I happened to be reading a book on the KGB before I started reading this, and the situation at the time of the death of Stalin, then Beria, seems to fall in the sense of how this book claims that individuals don't matter to the system. Once Stalin was dead, having served Stalin was of no benefit to Beria. When Stalin was ruler, it was dangerous for anyone to get more votes than Stalin, as Kirov did shortly before his death. The denunciations of Stalin which followed Stalin's death did not end the practices which Stalin had been denounced for engaging in, any more than the attempt to impeach an America president in 1999 prevented any American from lying about his private life under oath forever after.
Long after this book was written, the political system in the Soviet Union started to allow a broader selection of candidates, and Sakharov was the most popular politician in the Soviet Union at the time of his death from a heart attack. Sakharov had been an inventor of a sandwich design hydrogen bomb, which was first successfuly tested by dropping it from an airplane on November 22, 1955, a mere 8 years before an American president died under more suspicious circumstances, possibly related to his support for a ban on such tests.
I haven't forgotten that someone posted a message after I had reviewed a book which didn't discuss any nuclear weapons whatever.
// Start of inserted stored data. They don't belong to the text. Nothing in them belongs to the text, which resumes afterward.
(* Let $n\ge1$, $\varepsilon\in D$, $s\in D^n$, and let $\mu^{(n)}$, $e_n$ and $n'$ be as in the recursive construction below. If $g\in D[x]$ is zero or satisfies $\deg g\le -e_n$, then $\mu^{(n)}+g\,\mu^{(n')}\in\mathrm{Min}(s)$. In particular, if $e_n\le 0$ then $s$ has more than one minimal polynomial, i.e. $|\mathrm{Min}(s)|>1$.
   Context: Let $D$ be a commutative integral domain with $1\neq 0$. For $s=(s_1,\dots,s_n)\in D^n$ put $\underline{s}=s_1x^{-1}+\cdots+s_nx^{-n}\in D[x,x^{-1}]$; for a Laurent polynomial $F$, $F_k$ is the coefficient of $x^k$; $s^{(i)}=(s_1,\dots,s_i)$. A polynomial $f\in D[x]$ is an annihilator of $s$ if $f=0$, or $d=\deg f\ge0$ and $(f\cdot\underline{s})_{d-j}=0$ for $d+1\le j\le n$. $\mathrm{Min}(s)$ is the set of nonzero annihilators of least degree. For nonzero $f\in D[x]$ and $t\in D^m$, $\Delta(f,t)=(f\cdot\underline{t})_{\deg f-m}$. Recursive construction (relative to a fixed $\varepsilon\in D$): put $\mu^{(-1)}=\varepsilon$, $\mu^{(0)}=1$, $\Delta_0=1$, $0'=-1$, and for $j\ge 0$ let $e_j=j+1-2\deg\mu^{(j)}$ (so $e_0=1$). For $j=1,\dots,n$ successively define: $\Delta_j=\Delta(\mu^{(j-1)},s^{(j)})$; the index $j'=(j-1)'$ if $\Delta_j=0$ or $e_{j-1}\le 0$, and $j'=j-1$ if $\Delta_j\neq0$ and $e_{j-1}>0$; $\Delta'_j=\Delta_{(j-1)'+1}$; and $\mu^{(j)}=\mu^{(j-1)}$ if $\Delta_j=0$, otherwise $\mu^{(j)}=\Delta'_j\,x^{\max\{e_{j-1},0\}}\mu^{(j-1)}-\Delta_j\,x^{\max\{-e_{j-1},0\}}\mu^{((j-1)')}$. *)

From HB Require Import structures.
From mathcomp Require Import all_boot all_order all_algebra.
Set Implicit Arguments. Unset Strict Implicit. Unset Printing Implicit Defensive.
Import Order.TTheory GRing.Theory Num.Theory.
Local Open Scope ring_scope.

Section BM.
Variable D : idomainType.

(* A sequence s = (s_1,...,s_n) in D^n is represented by s : seq D with
   s`_(i-1) = s_i. *)

(* degree of a polynomial (only used for nonzero polynomials; deg 0 = 0) *)
Definition pdeg (f : {poly D}) : nat := (size f).-1.

(* coefficient of x^k (k : int) in the Laurent polynomial f * s_underline,
   where s_underline = s_1 x^-1 + ... + s_n x^-n.
   (f * s)_k = \sum_{i=1}^n f_{k+i} s_i, with f_m = 0 for m < 0. *)
Definition lcoef (f : {poly D}) (s : seq D) (k : int) : D :=
  \sum_(i < size s)
     (if (0 <= k + (i.+1)%:Z)%R then f`_(absz (k + (i.+1)%:Z)) else 0) * s`_i.

Definition annihilator (s : seq D) (f : {poly D}) : Prop :=
  f = 0 \/
  (forall j : nat, (pdeg f < j)%N -> (j <= size s)%N ->
     lcoef f s ((pdeg f)%:Z - j%:Z) = 0).

Definition in_Min (s : seq D) (f : {poly D}) : Prop :=
  f != 0 /\ annihilator s f /\
  (forall g : {poly D}, g != 0 -> annihilator s g -> (pdeg f <= pdeg g)%N).

Definition Delta (f : {poly D}) (t : seq D) : D :=
  lcoef f t ((pdeg f)%:Z - (size t)%:Z).

(* State of the recursive construction after step j:
   mu = mu^(j), mup = mu^(j'), jp = j', dp = Delta_{j'+1}. *)
Record bmstate := BMState {
  st_mu : {poly D};
  st_mup : {poly D};
  st_jp : int;
  st_dp : D }.

Definition e_of (j : nat) (mu : {poly D}) : int :=
  j%:Z + 1 - 2%:Z * (pdeg mu)%:Z.

Definition bmstep (s : seq D) (j : nat) (st : bmstate) : bmstate :=
  let mu := st_mu st in
  let Dj := Delta mu (take j s) in
  let e := e_of j.-1 mu in
  if Dj == 0 then st
  else if (0 < e)%R then
    BMState (st_dp st *: ('X^(absz e) * mu) - Dj *: st_mup st)
            mu (j.-1)%:Z Dj
  else
    BMState (st_dp st *: mu - Dj *: ('X^(absz e) * st_mup st))
            (st_mup st) (st_jp st) (st_dp st).

(* state after step j; initial: mu^(0) = 1, 0' = -1, mu^(-1) = eps,
   Delta_{0'+1} = Delta_0 = 1 *)
Fixpoint bmstate_at (eps : D) (s : seq D) (j : nat) : bmstate :=
  match j with
  | 0 => BMState 1 eps%:P (-1) 1
  | j'.+1 => bmstep s j'.+1 (bmstate_at eps s j')
  end.

Definition mu (eps : D) (s : seq D) (j : nat) : {poly D} :=
  st_mu (bmstate_at eps s j).
Definition mu_prime (eps : D) (s : seq D) (j : nat) : {poly D} :=
  st_mup (bmstate_at eps s j).
Definition e (eps : D) (s : seq D) (j : nat) : int :=
  e_of j (mu eps s j).

End BM.

From mathcomp Require Import all_boot all_order all_algebra.
From mathcomp Require Import zify.
Import Order.TTheory GRing.Theory Num.Theory.
Local Open Scope ring_scope.
Set Implicit Arguments. Unset Strict Implicit. Unset Printing Implicit Defensive.

(* Laurent coefficients of f * s are read off as coefficients of the polynomial
   f * (x^n s).  Massey's bound: if f annihilates s^(j-1) with nonzero
   discrepancy at step j, every nonzero annihilator g of s^(j) has
   deg f + deg g >= j, because the coefficient of f g (x^n s) at
   deg f + deg g + n - j is lc(g) Delta_j when computed through f (x^n s) and 0
   when computed through g (x^n s).  By induction along the construction,
   mu^(j) is a minimal annihilator of s^(j), and the coefficients of
   mu^(j') (x^n s) vanish beyond position n - deg mu^(j) and equal the nonzero
   Delta'_(j+1) there.  So for deg g <= -e_n = 2 deg mu^(n) - n - 1 the polynomial
   g mu^(n') has degree below deg mu^(n) and vanishes on the annihilation window
   of mu^(n), and mu^(n) + g mu^(n') is again minimal; for e_n <= 0 the choices
   g = 0 and g = 1 differ because mu^(n') is nonzero. *)

Section Degree.
Variable D : idomainType.
Implicit Types p q : {poly D}.

Lemma size_pdeg p : p != 0 -> size p = (pdeg p).+1.
Proof. by move=> p_neq0; rewrite /pdeg prednK // size_poly_gt0. Qed.

Lemma size_le_pdeg p : (size p <= (pdeg p).+1)%N.
Proof. exact: leqSpred. Qed.

Lemma coef_gt_pdeg p i : (pdeg p < i)%N -> p`_i = 0.
Proof. by move=> lt_pi; rewrite nth_default // (leq_trans (size_le_pdeg _)). Qed.

Lemma pdegC (a : D) : pdeg a%:P = 0%N.
Proof. by rewrite /pdeg size_polyC; case: (a != 0). Qed.

Lemma pdegZ a p : a != 0 -> pdeg (a *: p) = pdeg p.
Proof. by move=> a_neq0; rewrite /pdeg size_scale. Qed.

Lemma pdeg_XnM k p : p != 0 -> pdeg ('X^k * p) = (k + pdeg p)%N.
Proof. by move=> p_neq0; rewrite /pdeg mulrC size_mulXn // size_pdeg // addnS. Qed.

Lemma pdegDl p q : (size q < size p)%N -> pdeg (p + q) = pdeg p.
Proof. by move=> lt_qp; rewrite /pdeg size_polyDl. Qed.

Lemma polyDl_neq0 p q : (size q < size p)%N -> p + q != 0.
Proof.
by move=> lt_qp; rewrite -size_poly_eq0 size_polyDl // -lt0n (leq_ltn_trans _ lt_qp).
Qed.

End Degree.

Section Annihilators.
Variables (D : idomainType) (s : seq D).
Implicit Types f g p : {poly D}.
Local Notation n := (size s).

(* x^n times the Laurent polynomial s_1 x^-1 + ... + s_n x^-n. *)
Definition spoly : {poly D} := \sum_(i < n) s`_i *: 'X^(n.-1 - i).

Definition scoef f (m : nat) : D := (f * spoly)`_m.

Lemma lcoef_scoef f m : lcoef f s (m%:Z - n%:Z) = scoef f m.
Proof.
rewrite /scoef /spoly mulr_sumr coef_sum; apply: eq_bigr => i _.
rewrite -scalerAr coefZ coefMXn mulrC.
have lt_in := ltn_ord i.
case: ifPn => [ge0|lt0]; case: ifPn => [ltm|gem] //.
- exfalso; lia.
- by congr (_ * _`_ _); lia.
- exfalso; lia.
Qed.

Lemma lcoef_take f j (k : int) : (j <= n)%N -> (pdeg f)%:Z <= k + j%:Z ->
  lcoef f (take j s) k = lcoef f s k.
Proof.
move=> le_jn deg_f; rewrite /lcoef size_takel //.
rewrite (big_ord_widen n (fun i => (if 0 <= k + i.+1%:Z then f`_(absz (k + i.+1%:Z)) else 0)
  * (take j s)`_i) le_jn) big_mkcond; apply: eq_bigr => i _.
case: ifPn => [lt_ij|ge_ij]; first by rewrite nth_take.
case: ifPn => _; last by rewrite mul0r.
by rewrite coef_gt_pdeg ?mul0r //; lia.
Qed.

Lemma Delta_take f j : (j <= n)%N -> Delta f (take j s) = scoef f (pdeg f + n - j).
Proof.
move=> le_jn; rewrite /Delta size_takel // lcoef_take //; last by lia.
by rewrite -lcoef_scoef; congr lcoef; lia.
Qed.

Lemma scoef0 m : scoef 0 m = 0.
Proof. by rewrite /scoef mul0r coef0. Qed.

Lemma scoefD f g m : scoef (f + g) m = scoef f m + scoef g m.
Proof. by rewrite /scoef mulrDl coefD. Qed.

Lemma scoefB f g m : scoef (f - g) m = scoef f m - scoef g m.
Proof. by rewrite /scoef mulrBl coefB. Qed.

Lemma scoefZ a f m : scoef (a *: f) m = a * scoef f m.
Proof. by rewrite /scoef -scalerAl coefZ. Qed.

Lemma scoefXnM k f m : scoef ('X^k * f) m = if (m < k)%N then 0 else scoef f (m - k).
Proof. by rewrite /scoef -mulrA coefXnM. Qed.

Lemma scoefM g f m : scoef (g * f) m = \sum_(c < m.+1) g`_c * scoef f (m - c).
Proof. by rewrite /scoef -mulrA coefM. Qed.

(* f annihilates s^(j): the coefficients involved only see s_1, ..., s_j. *)
Definition ann_prefix (j : nat) f : Prop :=
  forall m, (pdeg f + n - j <= m)%N -> (m < n)%N -> scoef f m = 0.

Lemma ann_prefixW j k f : (k <= j)%N -> ann_prefix j f -> ann_prefix k f.
Proof. by move=> le_kj ann m lo hi; apply: ann => //; lia. Qed.

Lemma annihilator_prefix f : annihilator s f <-> ann_prefix n f.
Proof.
split=> [[->|ann] m lo hi|ann]; first exact: scoef0.
  have := ann (pdeg f + n - m)%N; rewrite -lcoef_scoef.
  have -> : (pdeg f)%:Z - (pdeg f + n - m)%N%:Z = m%:Z - n%:Z by lia.
  by apply; lia.
right=> j lo hi; have -> : (pdeg f)%:Z - j%:Z = (pdeg f + n - j)%N%:Z - n%:Z by lia.
by rewrite lcoef_scoef; apply: ann; lia.
Qed.

Lemma ann_prefix_pdeg_sum f g j : (j <= n)%N -> ann_prefix j.-1 f ->
  scoef f (pdeg f + n - j) != 0 -> g != 0 -> ann_prefix j g ->
  (j <= pdeg f + pdeg g)%N.
Proof.
move=> le_jn ann_f disc_f g_neq0 ann_g; rewrite leqNgt; apply/negP => short.
pose M := (pdeg f + pdeg g + n - j)%N.
have lt_gM : (pdeg g < M.+1)%N by lia.
have via_f : scoef (g * f) M = lead_coef g * scoef f (pdeg f + n - j).
  rewrite scoefM (bigD1 (Ordinal lt_gM)) //= big1 ?addr0; last first.
    move=> c c_neq; case: (ltngtP c (pdeg g)) => [lt_cg|gt_cg|eq_cg].
    - by rewrite ann_f ?mulr0 //; lia.
    - by rewrite coef_gt_pdeg ?mul0r.
    - by rewrite -val_eqE /= eq_cg eqxx in c_neq.
  by rewrite lead_coefE; congr (_ * scoef _ _); lia.
have via_g : scoef (f * g) M = 0.
  rewrite scoefM big1 // => c _; case: (leqP c (pdeg f)) => [le_cf|gt_cf].
    by rewrite ann_g ?mulr0 //; lia.
  by rewrite coef_gt_pdeg ?mul0r.
move: via_f; rewrite mulrC via_g => /esym/eqP.
by rewrite mulf_eq0 lead_coef_eq0 (negbTE g_neq0) (negbTE disc_f).
Qed.

End Annihilators.

Section BerlekampMassey.
Variables (D : idomainType) (s : seq D).
Local Notation n := (size s).

(* In BM terms deg mu^(j) = j' + 1 - deg mu^(j') when deg mu^(j) > 0, so the
   discrepancy Delta'_(j+1) of mu^(j') sits at index n - deg mu^(j); when
   deg mu^(j) = 0, mu^(j') may still be the arbitrary constant eps. *)
Record bm_invariant (j : nat) (st : bmstate D) : Prop := BMInvariant {
  bm_mu_neq0 : st_mu st != 0;
  bm_mu_ann : ann_prefix s j (st_mu st);
  bm_dp_neq0 : st_dp st != 0;
  bm_pdeg_sum : (pdeg (st_mup st) + pdeg (st_mu st) <= j)%N;
  bm_mup_ann : forall m, (n - pdeg (st_mu st) < m)%N -> (m < n)%N ->
    scoef s (st_mup st) m = 0;
  bm_mup_disc : (0 < pdeg (st_mu st))%N ->
    scoef s (st_mup st) (n - pdeg (st_mu st)) = st_dp st;
  bm_mu_min : forall g, g != 0 -> ann_prefix s j g -> (pdeg (st_mu st) <= pdeg g)%N }.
This shows what kind of thing can happen when a person who reads a lot gets involved with those whose totalitarianism expects more respect than I happen to believe that any media deserve at the moment. Not everything that I have written has been posted, and it might be easiest for me to complain about family values totalitarianism. No one would think that the things which are done are limited to those acts which could be printed in a family newspaper, but the media can use family values as an excuse to ignore the most upsetting stories. Reviews of books are not supposed to get too personal, but sometimes the subject matter of the account makes any attempt to comprehend what is in the book offensive. In my own case, I tried to review a book by Gennifer Flowers called PASSION AND BETRAYAL in which the personal is covered by a little black nightie, but not for long. This might be personally embarrassing for the author and a friend of hers, but the danger that some form of totalianism might be criticized in that book would hardly occur to anyone who did not know about the episode when her neighbor with the video camera was getting beat up by guys who kept asking, "Where's the tape?"